とにかく書いておかないと

すぐに忘れてしまうことを、書き残しておきます。

劇評『ザ・空気Ver.2 誰も書いてはならぬ』(二兎社)

2018-08-06 11:41:05 | 演劇
2018年8月5日 シベールアリーナ
作・演出: 永井愛
出演 安田成美 / 眞島秀和 / 馬渕英里何 / 柳下大 / 松尾貴史

この芝居は報道各社の政治部が入居する国会記者会館を舞台にしている。登場するのは、「官邸記者クラブ」に所属する大手新聞社のエリート記者たちだ。この芝居における現政権はあきらかにウソを言っている。国民誰もが気付いていながら他の人が総理をやるよりはまだましなのではないかという理由で支持率が落ちない。もちろん現在の安倍政権そのものであり、観客はそうとるしかない。

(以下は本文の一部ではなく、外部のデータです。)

Lemma Sset_arb_delivered i j v t : (j, v) \in Sset (ls t i) ->
  exists2 t0, t0 < t & lab t0 = AArbDel i j (j, v).
Proof.
elim: t => [|t IH]; first by rewrite ex0.
case_step_at t i; try by move/IH/exists_ltnS.
rewrite mem_rcons inE => /orP [/eqP Em|/IH/exists_ltnS//].
by exists t => //; rewrite -Ea; subst m; move/eqP: Earb => /= ->.
Qed.

Lemma Tset_mono i t t' : t <= t' -> {subset Tset (ls t i) <= Tset (ls t' i)}.
Proof.
apply: (@homo_leq_subset _ (fun t => Tset (ls t i))) => {}t.
by case_step_at t i => // y Hy; rewrite mem_cat Hy.
Qed.

Lemma Uset_mono i t t' : t <= t' -> {subset Uset (ls t i) <= Uset (ls t' i)}.
Proof.
apply: (@homo_leq_subset _ (fun t => Uset (ls t i))) => {}t.
by case_step_at t i => // y Hy; rewrite mem_cat Hy.
Qed.

Lemma sentT_mono i t t' : t <= t' -> sentT (ls t i) -> sentT (ls t' i).
Proof. by apply: (@homo_leq_imply (fun t => sentT (ls t i))) => {}t; case_step_at t i. Qed.

Lemma sentDS_mono i t t' : t <= t' -> sentDS (ls t i) -> sentDS (ls t' i).
Proof. by apply: (@homo_leq_imply (fun t => sentDS (ls t i))) => {}t; case_step_at t i. Qed.

Lemma rcvd_grows i t p : List.In p (rcvd (ls t i)) -> List.In p (rcvd (ls t.+1 i)).
Proof. by case_step_at t i => //; right. Qed.

Lemma Uset_sub_Sset i t : {subset Uset (ls t i) <= Sset (ls t i)}.
Proof.
elim: t => [|t IH]; first by rewrite ex0.
case_step_at t i => // y; rewrite ?mem_cat ?mem_rcons ?inE.
- by move/IH ->; rewrite orbT.
- by case/orP => [/IH //|]; move/allP: H1; apply.
Qed.

Lemma todoS_rcvd i k s t : (k, s) \in todoS (ls t i) -> List.In (k, MDistS s) (rcvd (ls t i)).
Proof.
elim: t => [|t IH]; first by rewrite ex0.
case_step_at t i; try exact: IH; try by move/IH; right.
all: try by move=> Hks; apply: IH; rewrite H0; apply: mem_subseq Hks; apply: cat_subseq (subseq_cons _ _).
by rewrite mem_rcons inE => /orP [/eqP [-> ->]|/IH]; [left | right].
Qed.

Lemma todoT_rcvd i k u t : (k, u) \in todoT (ls t i) -> List.In (k, MDistT u) (rcvd (ls t i)).
Proof.
elim: t => [|t IH]; first by rewrite ex0.
case_step_at t i; try exact: IH; try by move/IH; right.
all: try by move=> Hku; apply: IH; rewrite H0; apply: mem_subseq Hku; apply: cat_subseq (subseq_cons _ _).
by rewrite mem_rcons inE => /orP [/eqP [-> ->]|/IH]; [left | right].
Qed.

Lemma rcvd_in_transit i k m t : List.In (k, m) (rcvd (ls t i)) ->
  exists2 t0, t0 < t & List.In (k, i, m) (net (ex t0)).
Proof.
elim: t => [|t IH]; first by rewrite ex0.
case_step_at t i; try by move/IH/exists_ltnS.
all: case=> [[<- <-]|/IH/exists_ltnS//]; exists t; rewrite // H0 List.in_app_iff; by right; left.
Qed.

Definition confirms_at t k :=
  (exists Q, lab t = AConf6 V k Q) \/ (exists K, lab t = AConf7 V k K).

Definition sends_at t k (i : 'I_n) (m : msg n V) : Prop :=
  match m with
  | MDistS s => exists Q, lab t = ADistS V k Q /\ s = Sset (ls t k)
  | MAck => exists s, lab t = AHandleS k i s /\ sentT (ls t k) = false
  | MReady => exists A, lab t = AReady V k A
  | MConfirm => confirms_at t k
  | MDistT u => exists Q, lab t = ADistT V k Q /\ u = Tset (ls t k)
  end.

Lemma in_transit_sent k i m t : k \notin F -> List.In (k, i, m) (net (ex t)) ->
  exists2 t0, t0 < t & sends_at t0 k i m.
Proof.
move=> kF; elim: t => [|t IH]; first by rewrite ex0.
case_step t; rewrite ?List.in_app_iff; try by move/IH/exists_ltnS.
all: try (case=> [/IH/exists_ltnS //|]); try by case.
all: try by move=> Hin; apply/exists_ltnS/IH; rewrite H0 List.in_app_iff /=; tauto.
all: try by case/List.in_map_iff=> k' [[<- _ <-] _]; exists t => //=; rewrite ?/confirms_at -Ea; eauto.
- by case=> [[<- <- <-]|//]; exists t => //; exists s; rewrite -Ea Est.
- by case=> [[Ek _ _]|//]; move: kF; rewrite -Ek H.
Qed.

Lemma rcvd_sent i k m t : k \notin F -> List.In (k, m) (rcvd (ls t i)) ->
  exists2 t0, t0 < t & sends_at t0 k i m.
Proof.
move=> kF /rcvd_in_transit [t1 lt1 /(in_transit_sent kF) [t0 lt0 sent]].
by exists t0 => //; apply: ltn_trans lt1.
Qed.

Lemma delivered_quorum i U t : delivered (ls t i) = Some U ->
  exists t1 Q, [/\ Q \in Qs i, {subset Q <= dtFrom (ls t1 i)} & U = Uset (ls t1 i)].
Proof.
elim: t => [|t IH]; first by rewrite ex0.
by case_step_at t i => //; case=> <-; exists t, Q.
Qed.

Lemma dtFrom_rcvd i k t : k \in dtFrom (ls t i) ->
  exists2 u, {subset u <= Uset (ls t i)} & List.In (k, MDistT u) (rcvd (ls t i)).
Proof.
elim: t => [|t IH]; first by rewrite ex0.
have grown u : {subset u <= Uset (ls t i)} -> List.In (k, MDistT u) (rcvd (ls t i)) ->
    exists2 u, {subset u <= Uset (ls t.+1 i)} & List.In (k, MDistT u) (rcvd (ls t.+1 i)).
  by move=> uU ku; exists u; [move=> y /uU/(Uset_mono (leqnSn t)) | apply: rcvd_grows].
case: (boolP (k \in dtFrom (ls t i))) => [/IH [u uU ku] _ | knew]; first exact: grown uU ku.
case_step_at t i; rewrite ?(negbTE knew) // inE (negbTE knew) orbF => /eqP ->.
exists t0 => [y yt|]; first by rewrite mem_cat yt orbT.
by apply: todoT_rcvd; rewrite H0 mem_cat inE eqxx orbT.
Qed.

Lemma delivered_arb_delivered i U t j v : delivered (ls t i) = Some U -> (j, v) \in U ->
  exists t0, lab t0 = AArbDel i j (j, v).
Proof.
case/delivered_quorum => t1 [Q [_ _ ->]] /Uset_sub_Sset/Sset_arb_delivered [t0 _ arb].
by exists t0.
Qed.

Lemma DistS_step t i Q : lab t = ADistS V i Q ->
  [/\ Q \in Qs i, (forall j, j \in Q -> has (fun p => p.1 == j) (Sset (ls t i))),
      sentDS (ls t i) = false & sentDS (ls t.+1 i)].
Proof.
by move=> lab_t; case_step t; try discriminate lab_t; case: lab_t => <- <-; rewrite eqxx; split=> //; apply: negbTE.
Qed.

Lemma Ready_step t i A : lab t = AReady V i A ->
  A \in Qs i /\ (forall k, k \in A -> List.In (k, MAck n V) (rcvd (ls t i))).
Proof. by move=> lab_t; case_step t; try discriminate lab_t; case: lab_t => <- <-. Qed.

Lemma Confirm6_step t i Q : lab t = AConf6 V i Q ->
  Q \in Qs i /\ (forall k, k \in Q -> List.In (k, MReady n V) (rcvd (ls t i))).
Proof. by move=> lab_t; case_step t; try discriminate lab_t; case: lab_t => <- <-. Qed.

Lemma Confirm7_step t i K : lab t = AConf7 V i K ->
  kernel Qs i K /\ (forall k, k \in K -> List.In (k, MConfirm n V) (rcvd (ls t i))).
Proof. by move=> lab_t; case_step t; try discriminate lab_t; case: lab_t => <- <-. Qed.

Lemma DistT_step t i Q : lab t = ADistT V i Q ->
  [/\ Q \in Qs i, (forall k, k \in Q -> List.In (k, MConfirm n V) (rcvd (ls t i))),
      sentT (ls t i) = false & sentT (ls t.+1 i)].
Proof.
by move=> lab_t; case_step t; try discriminate lab_t; case: lab_t => <- <-; rewrite eqxx; split=> //; apply: negbTE.
Qed.

Lemma HandleS_step t i k s : lab t = AHandleS i k s -> sentT (ls t i) = false ->
  List.In (k, MDistS s) (rcvd (ls t i)) /\ {subset s <= Tset (ls t.+1 i)}.
Proof.
move=> lab_t; case_step t; try discriminate lab_t; case: lab_t => <- <- <-; rewrite ?Est // => _.
split; first by apply: todoS_rcvd; rewrite H0 mem_cat inE eqxx orbT.
by rewrite eqxx /= => y ys; rewrite mem_cat ys orbT.
Qed.

Lemma DistS_unique t1 t2 i Q1 Q2 : lab t1 = ADistS V i Q1 -> lab t2 = ADistS V i Q2 -> t1 = t2.
Proof.
wlog lt12 : t1 t2 Q1 Q2 / t1 < t2.
  move=> W l1 l2; case: (ltngtP t1 t2) => [lt12|lt21|//].
  - exact: W l1 l2.
  - exact/esym/(W _ _ _ _ lt21 l2 l1).
case/DistS_step => _ _ _ sent1 /DistS_step [_ _ unsent2 _].
by move: (sentDS_mono lt12 sent1); rewrite unsent2.
Qed.

Lemma acked_sub_DistT k r s ta td Q : lab ta = AHandleS k r s -> sentT (ls ta k) = false ->
  lab td = ADistT V k Q -> {subset s <= Tset (ls td k)}.
Proof.
move=> la unsent ld; have [_ sT] := HandleS_step la unsent.
have [_ _ _ sent] := DistT_step ld.
have lt_ad : ta < td.
  case: (ltngtP ta td) => [//|lt_da|E]; last by move: la; rewrite E ld.
  by move: (sentT_mono lt_da sent); rewrite unsent.
by move=> y /sT; apply: Tset_mono.
Qed.

Hypothesis quorum_system : asym_quorum_system Fs Qs.

Lemma Ready_of_confirm t c : c \in GM -> confirms_at t c ->
  exists r A tr, r \in GM /\ lab tr = AReady V r A.
Proof.
elim/ltn_ind: t c => t IH c cG [[Q lQ]|[K lK]].
- have [QQ ready] := Confirm6_step lQ.
  have [k kQ kG] := quorum_meets_Gmax quorum_system cG QQ.
  have [tr _ [A lA]] := rcvd_sent (Gmax_correct kG) (ready k kQ).
  by exists k, A, tr.
- have [KK confirm] := Confirm7_step lK.
  have [k kK kG] := kernel_meets_Gmax cG KK.
  have [t0 lt0 sent] := rcvd_sent (Gmax_correct kG) (confirm k kK).
  exact: IH t0 lt0 k kG sent.
Qed.

Lemma Ready_of_delivery i U t : i \in GM -> delivered (ls t i) = Some U ->
  exists r A tr, r \in GM /\ lab tr = AReady V r A.
Proof.
move=> iG /delivered_quorum [t1 [Q [QQ dtQ _]]].
have [k kQ kG] := quorum_meets_Gmax quorum_system iG QQ.
have [u _ /(rcvd_sent (Gmax_correct kG)) [td _ [Qk [ld _]]]] := dtFrom_rcvd (dtQ k kQ).
have [QQk confirm _ _] := DistT_step ld.
have [c cQk cG] := quorum_meets_Gmax quorum_system kG QQk.
have [tc _ sent] := rcvd_sent (Gmax_correct cG) (confirm c cQk).
exact: Ready_of_confirm sent.
Qed.

Lemma DistS_sub_delivered i U t r A tr : i \in GM -> r \in GM ->
  lab tr = AReady V r A -> delivered (ls t i) = Some U ->
  exists tD QD, lab tD = ADistS V r QD /\ {subset Sset (ls tD r) <= U}.
Proof.
move=> iG rG lr /delivered_quorum [t1 [Qi [QQi dtQi ->]]].
have [AA ack] := Ready_step lr.
have [k [kQi kA kF]] := quorums_meet_correct quorum_system iG rG QQi AA.
have [u uU /(rcvd_sent kF) [td _ [Qk [ld Eu]]]] := dtFrom_rcvd (dtQi k kQi).
have [ta _ [s [la unsent]]] := rcvd_sent kF (ack k kA).
have [/(rcvd_sent (Gmax_correct rG)) [tD _ [QD [lD Es]]] _] := HandleS_step la unsent.
exists tD, QD; split=> // y; rewrite -Es => ys; apply: uU.
by rewrite Eu (acked_sub_DistT la unsent ld ys).
Qed.

Hypothesis arb : arb_spec Fs Qs F x lab.

Lemma arb_delivered_proposed i j v t : i \in GM -> j \notin F ->
  lab t = AArbDel i j (j, v) -> ag_proposed x lab j v.
Proof.
case: arb => _ [_ [_ [_ integrity]]] iG jF /(integrity _ _ _ _ (Gmax_correct iG) jF).
by case=> t' _ [lp [->]]; exists t'.
Qed.

Lemma ag_validity_holds : ag_validity Fs Qs F x ex lab.
Proof.
move=> i U j v iG [t del] jv /andP [jF _].
have [t0 arb0] := delivered_arb_delivered del jv.
exact: arb_delivered_proposed iG jF arb0.
Qed.

Lemma ag_agreement_holds : ag_agreement Fs Qs F ex.
Proof.
case: arb => _ [consistency _] i i' U U' j v v' iG i'G [t del] [t' del'] jv jv'.
have [t0 arb0] := delivered_arb_delivered del jv.
have [t1 arb1] := delivered_arb_delivered del' jv'.
by case: (consistency _ _ _ _ _ _ _ iG i'G arb0 arb1).
Qed.

Lemma common_core_of_delivery i U t : i \in GM -> delivered (ls t i) = Some U ->
  common_core Fs Qs F x ex lab.
Proof.
move=> iG del; have [r [A [tr [rG lr]]]] := Ready_of_delivery iG del.
have [tD [QD [lD _]]] := DistS_sub_delivered iG rG lr del.
have [QQD covered _ _] := DistS_step lD.
pose S := Sset (ls tD r).
have mem_S j : j \in QD -> (j, assoc_val x S j) \in S by move/covered/mem_assoc_val.
exists r, QD, (assoc_val x S); split=> // [j jQD jF | i' U' i'G [t' del'] j jQD].
- have [t0 _ arb0] := Sset_arb_delivered (mem_S j jQD).
  exact: arb_delivered_proposed rG jF arb0.
- have [tD' [QD' [lD' sub']]] := DistS_sub_delivered i'G rG lr del'.
  by move: (DistS_unique lD lD') sub' => <-; apply; apply: mem_S.
Qed.

Lemma common_core_holds : with_guild Fs Qs F -> all_propose F lab ->
  common_core Fs Qs F x ex lab.
Proof.
move=> guild propose.
case: (classic (exists i U t, i \in GM /\ delivered (ls t i) = Some U)).
  by case=> i [U [t [iG del]]]; apply: common_core_of_delivery iG del.
move=> nodel; have [i iG] := Gmax_nonempty guild; have [Q QQ _] := Gmax_quorum iG.
exists i, Q, x; split=> // [j _ jF | i' U' i'G [t' del']].
  by have [t prop_t] := propose j jF; exists t.
by case: nodel; exists i', U', t'.
Qed.

End Execution.

Theorem lemma3p8 (n : nat) (V : eqType) (Fs Qs : 'I_n -> {set {set 'I_n}})
    (F : {set 'I_n}) (x : 'I_n -> V)
    (ex : nat -> gstate n V) (lab : nat -> action n V) :
  asym_quorum_system Fs Qs ->
  is_exec Qs F ex lab ->
  with_guild Fs Qs F ->
  arb_spec Fs Qs F x lab ->
  reliable_links F ex lab ->
  all_propose F lab ->
  common_core Fs Qs F x ex lab /\ ag_validity Fs Qs F x ex lab /\ ag_agreement Fs Qs F ex.
Proof.
(* Reliable links only matter for termination, which is not claimed here. *)
move=> quorum_system [ex0 ex_step] guild arb _ propose.
split; [|split].
- exact: common_core_holds.
- exact: ag_validity_holds.
- exact: ag_agreement_holds ex0 ex_step arb.
Qed.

エリート記者たちの思惑はそれぞれである。総理大臣と苦楽をともにしたから味方したいと思う人、ジャーナリストとしての正義をつらぬこうとする人、顔色をうかがいながらどっちつかずの立場にいる人。そうみんな空気を読んでいる。あるいは空気をつくろうとしてる。

正しいことがわかっていながら、それが実行できないのは苦しみだ。その苦しみと戦いながらも、正しいことが「空気」によって揺さぶられていく。いつの間にか「正しいこと」が本当は正しくないのではないかと思えてしまう一瞬がある。そうなればもはや「正しいこと」の力はなくなる。「空気」の力は軽いようで思い。

戯画化しているのでおもしい。観客は笑いながらその笑いが自分に返ってくることを感じる。後に残るのはおもしろさよりもむなしさである。とてもよくできた芝居である。